Anthony Malakian: Rise of the Machines
We really aren’t that far from machines taking over the world. Believe me, my friends, Skynet, the diabolical self-aware network from The Terminator, is not far from becoming reality.
The lack of a Y2K catastrophe must have lulled us into a false sense of security. How else can you explain viewers tuning in to Jeopardy to root for “Watson,” IBM’s super-computer, to beat its two human counterparts? And Watson didn’t just triumph over Jeopardy grand-champions Ken Jennings and Brad Rutter; it absolutely bludgeoned them without mercy or emotion.

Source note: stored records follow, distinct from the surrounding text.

Lemma Eprefix_walk_sqr_le y : 0 < y -> Eprefix n (fun s => walk s ^+ 2) <=
  (1 + y^-1) * (2 * x%:R + Delta) + (1 + y) * Delta ^+ 2.
Proof.
move=> y0; have [_ noise_le] := andP Eprefix_noise_sqr_bounds.
have [_ Edrift_le] := andP Eprefix_drift_sum_bounds.
have [_ Efails_le] := andP Eprefix_fails_bounds.
apply: le_trans (ler_Eprefix (g := fun s =>
  (1 + y^-1) * noise s ^+ 2 + (1 + y) * drift_sum s ^+ 2) p01 _) _.
  by move=> s _; rewrite walk_split sqrD_le.
rewrite EprefixD !EprefixZ; apply: lerD; apply: ler_wpM2l.
- by rewrite addr_ge0 ?ler01 ?invr_ge0 ?ltW.
- by apply: le_trans noise_le _; rewrite Eprefix_lifetime_wald; lra.
- by rewrite addr_ge0 ?ler01 ?ltW.
- exact: Eprefix_drift_sum_sqr_le.
Qed.

Lemma Eprefix_walk_sqr_ge y : 1 <= y ->
  (1 - y^-1) * (2 * x%:R * (1 - alive_prob n) - Delta) - y * Delta ^+ 2
  <= Eprefix n (fun s => walk s ^+ 2).
Proof.
move=> y1; have y0 : 0 < y by lra.
have [noise_ge _] := andP Eprefix_noise_sqr_bounds.
have [Edrift_ge _] := andP Eprefix_drift_sum_bounds.
have [Efails_ge _] := andP Eprefix_fails_bounds.
apply: le_trans (ler_Eprefix (f := fun s =>
  (1 - y^-1) * noise s ^+ 2 - y * drift_sum s ^+ 2) p01 _); last first.
  by move=> s _; rewrite walk_split sqrD_ge.
rewrite EprefixB !EprefixZ; apply: lerB; apply: ler_wpM2l.
- by rewrite subr_ge0 invf_le1.
- by apply: le_trans noise_ge; rewrite Eprefix_lifetime_wald; lra.
- exact: ltW.
- exact: Eprefix_drift_sum_sqr_le.
Qed.

Lemma Eprefix_trunc_sqdev_le :
  Eprefix n (trunc_sqdev n) <= Eprefix n (fun s => walk s ^+ 2) + n.+1%:R ^+ 2 * alive_prob n.
Proof.
rewrite -EprefixZ -EprefixD; apply: ler_Eprefix p01 _ => s _.
rewrite /trunc_sqdev /alive; case: leqP => h /=; first by rewrite mulr0 addr0.
have : ((n.+1 - 2 * x) ^ 2)%N%:R <= n.+1%:R ^+ 2 :> R.
  by rewrite -natrX ler_nat leq_exp2r ?leq_subr.
by have := sqr_ge0 (walk s); rewrite mulr1; lra.
Qed.

Lemma Eprefix_trunc_sqdev_ge :
  Eprefix n (fun s => walk s ^+ 2) - n%:R ^+ 2 * alive_prob n <= Eprefix n (trunc_sqdev n).
Proof.
rewrite -EprefixZ -EprefixB; apply: ler_Eprefix p01 _ => s hs.
rewrite /trunc_sqdev /alive; case: leqP => h /=; first by rewrite mulr0 subr0.
have : walk s ^+ 2 <= n%:R ^+ 2.
  by rewrite -real_normK ?num_real // lerXn2r ?nnegrE ?ler0n // -hs norm_walk.
by have := ler0n R ((n.+1 - 2 * x) ^ 2); rewrite mulr1; lra.
Qed.

Lemma sqrS_alive_prob_le : (0 < n)%N ->
  n.+1%:R ^+ 2 * alive_prob n <= 2 ^+ x * expR (Delta / 4) * 1536 / n%:R.
Proof.
move=> n0.
have decay : alive_prob n <= 2 ^+ x * expR (Delta / 4) / expR (n%:R / 4).
  apply: le_trans (alive_prob_le_prod n) _; rewrite -mulrA ler_wpM2l ?exprn_ge0 ?ler0n //.
  apply: le_trans (prod_le_expR n) _; rewrite -expRB -mulrBl ler_expR.
  by rewrite ler_wpM2r ?invr_ge0 ?ler0n // lerD2r.
rewrite mulrC; apply: le_trans (ler_wpM2r (exprn_ge0 _ (ler0n _ _)) decay) _.
have -> : 2 ^+ x * expR (Delta / 4) / expR (n%:R / 4) * n.+1%:R ^+ 2 =
    2 ^+ x * expR (Delta / 4) * (n.+1%:R ^+ 2 / expR (n%:R / 4)) by ring.
rewrite -[X in _ <= X]mulrA; apply: ler_wpM2l; last exact: sqrS_div_expR_le.
by rewrite mulr_ge0 ?expR_ge0 ?exprn_ge0 ?ler0n.
Qed.

Lemma Eprefix_trunc_sqdev_upper y : 0 < y -> (0 < n)%N ->
  Eprefix n (trunc_sqdev n) <= (1 + y^-1) * (2 * x%:R + Delta) + (1 + y) * Delta ^+ 2
                                + 2 ^+ x * expR (Delta / 4) * 1536 / n%:R.
Proof.
move=> y0 n0; apply: le_trans Eprefix_trunc_sqdev_le _.
exact: lerD (Eprefix_walk_sqr_le y0) (sqrS_alive_prob_le n0).
Qed.

Lemma Eprefix_trunc_sqdev_lower y : 1 <= y -> (0 < n)%N ->
  (1 - y^-1) * (2 * x%:R - Delta) - y * Delta ^+ 2
    - (2 * x%:R + 1) * (2 ^+ x * expR (Delta / 4) * 1536 / n%:R)
  <= Eprefix n (trunc_sqdev n).
Proof.
move=> y1 n0; apply: le_trans Eprefix_trunc_sqdev_ge.
apply: le_trans (lerB (Eprefix_walk_sqr_ge y1) (lexx _)).
set K := _ / n%:R in n0 *; set P := alive_prob n.
have [P0 _] := andP (alive_prob01 n).
have Q_le : n.+1%:R ^+ 2 * P <= K := sqrS_alive_prob_le n0.
have P_le : P <= K.
  by apply: le_trans Q_le; rewrite ler_peMl // -natrX ler1n expn_gt0.
have nP_le : n%:R ^+ 2 * P <= K.
  by apply: le_trans Q_le; rewrite ler_wpM2r // -!natrX ler_nat leq_exp2r.
have xP_le : (1 - y^-1) * (2 * x%:R * P) <= 2 * x%:R * K.
  apply: le_trans (ler_piMl _ _) _; first by rewrite !mulr_ge0 ?ler0n.
    by rewrite lerBlDr lerDl invr_ge0 (le_trans ler01 y1).
  by rewrite ler_wpM2l ?mulr_ge0 ?ler0n.
lra.
Qed.

End Moments.
End StoppedWalk.
End CookieWalk.

(** * Cylinder events *)

Section CylinderIntegral.
Context (d : measure_display) (T : measurableType d) (R : realType).
Variables (P : probability T R) (p : nat -> R) (B : nat -> T -> bool).
Hypothesis cookieB : cookie_process P p B.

I didn’t get much sleep those February nights. Then I read more chilling stories about how technology is changing our world—seemingly for the best, but that’s only to keep us humans from panicking. The first item that grabbed my eye was about Derwent Capital, a UK hedge fund set to open its doors this month. According to CNBC.com, Derwent will use posts from micro-blogging site Twitter to predict market movements, and then trade off that human sentiment.
Derwent poached Indiana University professor Johan Bollen, who famously found that Twitter could predict with 87.6 percent accuracy “the daily up and down changes in the closing values of the Dow Jones Industrial Average, and a reduction of the Mean Average Percentage Error by more than 6 percent,” according to an article published by Bollen and two of his colleagues in the Journal of Computational Science. The CNBC article quotes Derwent founder Paul Hawtin, who says the fund will be able to deliver 15 to 20 percent returns.
I say: Twitter? Really? The site on which Charlie Sheen spouts on about “#tigerblood” and “#winning” can somehow be leveraged to deliver huge returns for investors? This must be some kind of joke.
Elementary, My Dear Human
Yes, trading firms have been trying to find ways to unlock the power of social networking. The fact that a hedge fund was created to address the issue is unique, but hardly scary. And then I noticed a Wall Street Journal headline: “Wall Street Bets on Debt That Doesn’t Exist.” What? Apparently, banks and hedge funds are creating credit-default swaps (CDSs) tied to General Motors Co. debt that the car manufacturer doesn’t have. Bond holders of this semi-fictitious product will get paid out should GM default. Yet, as the Journal reports, “GM canceled $40 billion of debt in bankruptcy and has pledged to cut its remaining $4.6 billion bank loan [in full] this year.”
The industry claims this helps when speculating on the company’s creditworthiness—that it’s a form of hedging. In that same article, Tabb Group’s Kevin McPartland, a man I trust, said, “CDS prices are the de facto benchmark used to measure the state of the credit market.” He doesn’t seem too concerned, so why should I be?
But to me these are signs that the smartest kids in the room are once again at play now that some calm has returned to the marketplace. According to a recent report from hedge fund data provider Eurekahedge, North American hedge funds have experienced net-positive asset flows for 13 consecutive months, the longest continuous stretch since 2004. Globally, assets under management in hedge funds have surpassed $1.7 trillion, the first time that’s happened since September 2008. And the Dow remains high despite turmoil in North Africa and Japan.
That’s good—I want hedge funds and banks to be successful because at their best it’s good for the economy and investors. But at their worst, such firms can bring the global economy to its knees. It makes me question how much the non-technologists at these firms understand about the algorithms they employ, and the extent to which trading heads grasp the upside—and, more importantly, the downside—of the products they create.
I read an article from Data Center Knowledge the other day that quoted a prediction that by 2020 we would have 35 zettabytes of data storage available globally, or roughly 35 billion terabytes. Watson—the machine that will one day rule us all—was able to trounce humans with less than 1 terabyte of stored data, and is learning to understand human idioms everyday. Sleep well.